Неумолчный поток, затопляющий
спальни окраин,
обращаясь в бетон, серебро и бриз
на фальшивом нью-йоркском рассвете.
Да, есть горы. Конечно.
Есть телескопы ученых.
Да, конечно. Но я здесь не для того,
чтобы видеть небо.
Я здесь для того, чтобы видеть тусклую кровь.

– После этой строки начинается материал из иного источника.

Definition solves_dynamics (m J g rho Iw : R) (r a th : R -> R) (u1 u2 u3 : R)
  : Prop :=
  exists rd ad thd rdd add thdd : R -> R,
    forall t : R,
      is_derive r t (rd t) /\ is_derive rd t (rdd t) /\
      is_derive a t (ad t) /\ is_derive ad t (add t) /\
      is_derive th t (thd t) /\ is_derive thd t (thdd t) /\
      rdd t = rho / Iw * u3
              + rho ^ 2 / Iw * tension m g (r t) (a t) (th t) (ad t) (rdd t) u1 /\
      add t = - (1 / r t) * (2 * rd t * ad t + g * cos (a t))
              + 1 / (m * r t) * u1 * cos (a t + th t) /\
      thdd t = 1 / J * u2.

Definition equilibrium_inputs (m J g rho Iw : R) (rb ab thb u1 u2 u3 : R) : Prop :=
  0 <= u1 /\
  solves_dynamics m J g rho Iw (fun _ => rb) (fun _ => ab) (fun _ => thb) u1 u2 u3.

Definition eq_tension (m g : R) (ab thb u1 : R) : R :=
  u1 * sin (ab + thb) - m * g * sin ab.

Definition state_domain (rb ab thb : R) : Prop :=
  0 < rb /\ 0 <= ab <= PI /\ - PI < thb <= PI.

Definition attainable (m J g rho Iw eps : R) (rb ab thb : R) : Prop :=
  state_domain rb ab thb /\
  exists u1 u2 u3 : R,
    equilibrium_inputs m J g rho Iw rb ab thb u1 u2 u3 /\
    eps < eq_tension m g ab thb u1.

(* The boundary angle theta_eps(alpha) (only used for alpha <> PI/2). *)
Definition theta_eps (m g eps ab : R) : R :=
  if Rlt_dec ab (PI / 2)
  then atan (eps / (m * g * cos ab) + tan ab) - ab
  else atan (eps / (m * g * cos ab) + tan ab) + PI - ab.

From Stdlib Require Import Reals Lra.
From Coquelicot Require Import Coquelicot.
Open Scope R_scope.

(* At an equilibrium every derivative vanishes, so the inputs are forced:
   u2 = 0, u3 = -rho T, and the thrust balances gravity across the cable,
   u1 cos(alpha + theta) = m g cos alpha.  Off the vertical this fixes
   u1 = m g cos alpha / cos(alpha + theta), asks cos(alpha + theta) to have the
   sign of cos alpha, and gives T = m g (tan(alpha + theta) cos alpha - sin alpha);
   T > eps then says that tan(alpha + theta) lies above or below
   K = eps / (m g cos alpha) + tan alpha according to that sign, and atan inverts
   this on the branch of alpha + theta where the cosine has the required sign.
   On the vertical the balance forces sin theta = 0 and a positive tension
   forces cos theta > 0, so theta = 0, while u1 = T + m g stays free. *)

Lemma cos_gt_0_iff (x : R) :
  - (3 * (PI / 2)) <= x <= 3 * (PI / 2) ->
  (0 < cos x <-> - (PI / 2) < x < PI / 2).
Proof.
  intros hx. split.
  - intros hc. split.
    + destruct (Rlt_or_le (- (PI / 2)) x) as [h|h]; [exact h|].
      rewrite <- cos_neg in hc. pose proof (cos_le_0 (- x) ltac:(lra) ltac:(lra)). lra.
    + destruct (Rlt_or_le x (PI / 2)) as [h|h]; [exact h|].
      pose proof (cos_le_0 x h ltac:(lra)). lra.
  - intros [h1 h2]. apply cos_gt_0; lra.
Qed.

Lemma tan_add_PI (x : R) : tan (x + PI) = tan x.
Proof.
  unfold tan. rewrite neg_sin, neg_cos, Rdiv_opp_r, Rdiv_opp_l. apply Ropp_involutive.
Qed.

Lemma atan_lt_iff (y x : R) :
  - (PI / 2) < x < PI / 2 -> (atan y < x <-> y < tan x).
Proof.
  intros hx. pose proof (atan_bound y). split; intros h.
  - rewrite <- (tan_atan y). apply tan_increasing; lra.
  - rewrite <- (atan_tan x hx). now apply atan_increasing.
Qed.

Lemma lt_atan_iff (y x : R) :
  - (PI / 2) < x < PI / 2 -> (x < atan y <-> tan x < y).
Proof.
  intros hx. pose proof (atan_bound y). split; intros h.
  - rewrite <- (tan_atan y). apply tan_increasing; lra.
  - rewrite <- (atan_tan x hx). now apply atan_increasing.
Qed.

Кровь, которая катит к обрывам,
будя аппетит в гадюке.
Ежедневно в Нью-Йорке гибнет
четыре миллиона уток,
пять миллионов свиней,
две тысячи голубей на завтраки полутрупам,
миллион коров,
миллион ягнят
и два миллиона петухов,
разносящих небо в осколки.
Нет, уж лучше рыдать, оттачивая наваху,
и загонять борзых
в сумасшедшей травле,
чем каждое утро встречать
бесконечный состав с молоком,
бесконечный состав с кровью
и поезда перекрученных намертво роз
для торговцев духами.
Утки, голуби,
свиньи, ягнята
отдают свою кровь
для этих конторских подсчетов,
и от жуткого вопля коров, раздавленных прессом,
боль висит над долиной,
где Гудзон похмеляется нефтью.
Я обвиняю вас всех,
всех, кто забыл о другой половине мира,
неискупленной половине
воздвигших бетонные горы,
где бьются сердца зверят,
которых никто не любит,
и где будем мы все
на последнем пиру дробилок.
Я плюю вам в лицо,
и слышит меня половина мира,
размножаясь, мочась и жуя,
безгрешна, как дети подъездов
с их ненадежной щепкой,
протянутой киснущим в жиже
усикам насекомых.
Это не ад, это просто проулок.
Это не смерть, это просто фруктовая лавка.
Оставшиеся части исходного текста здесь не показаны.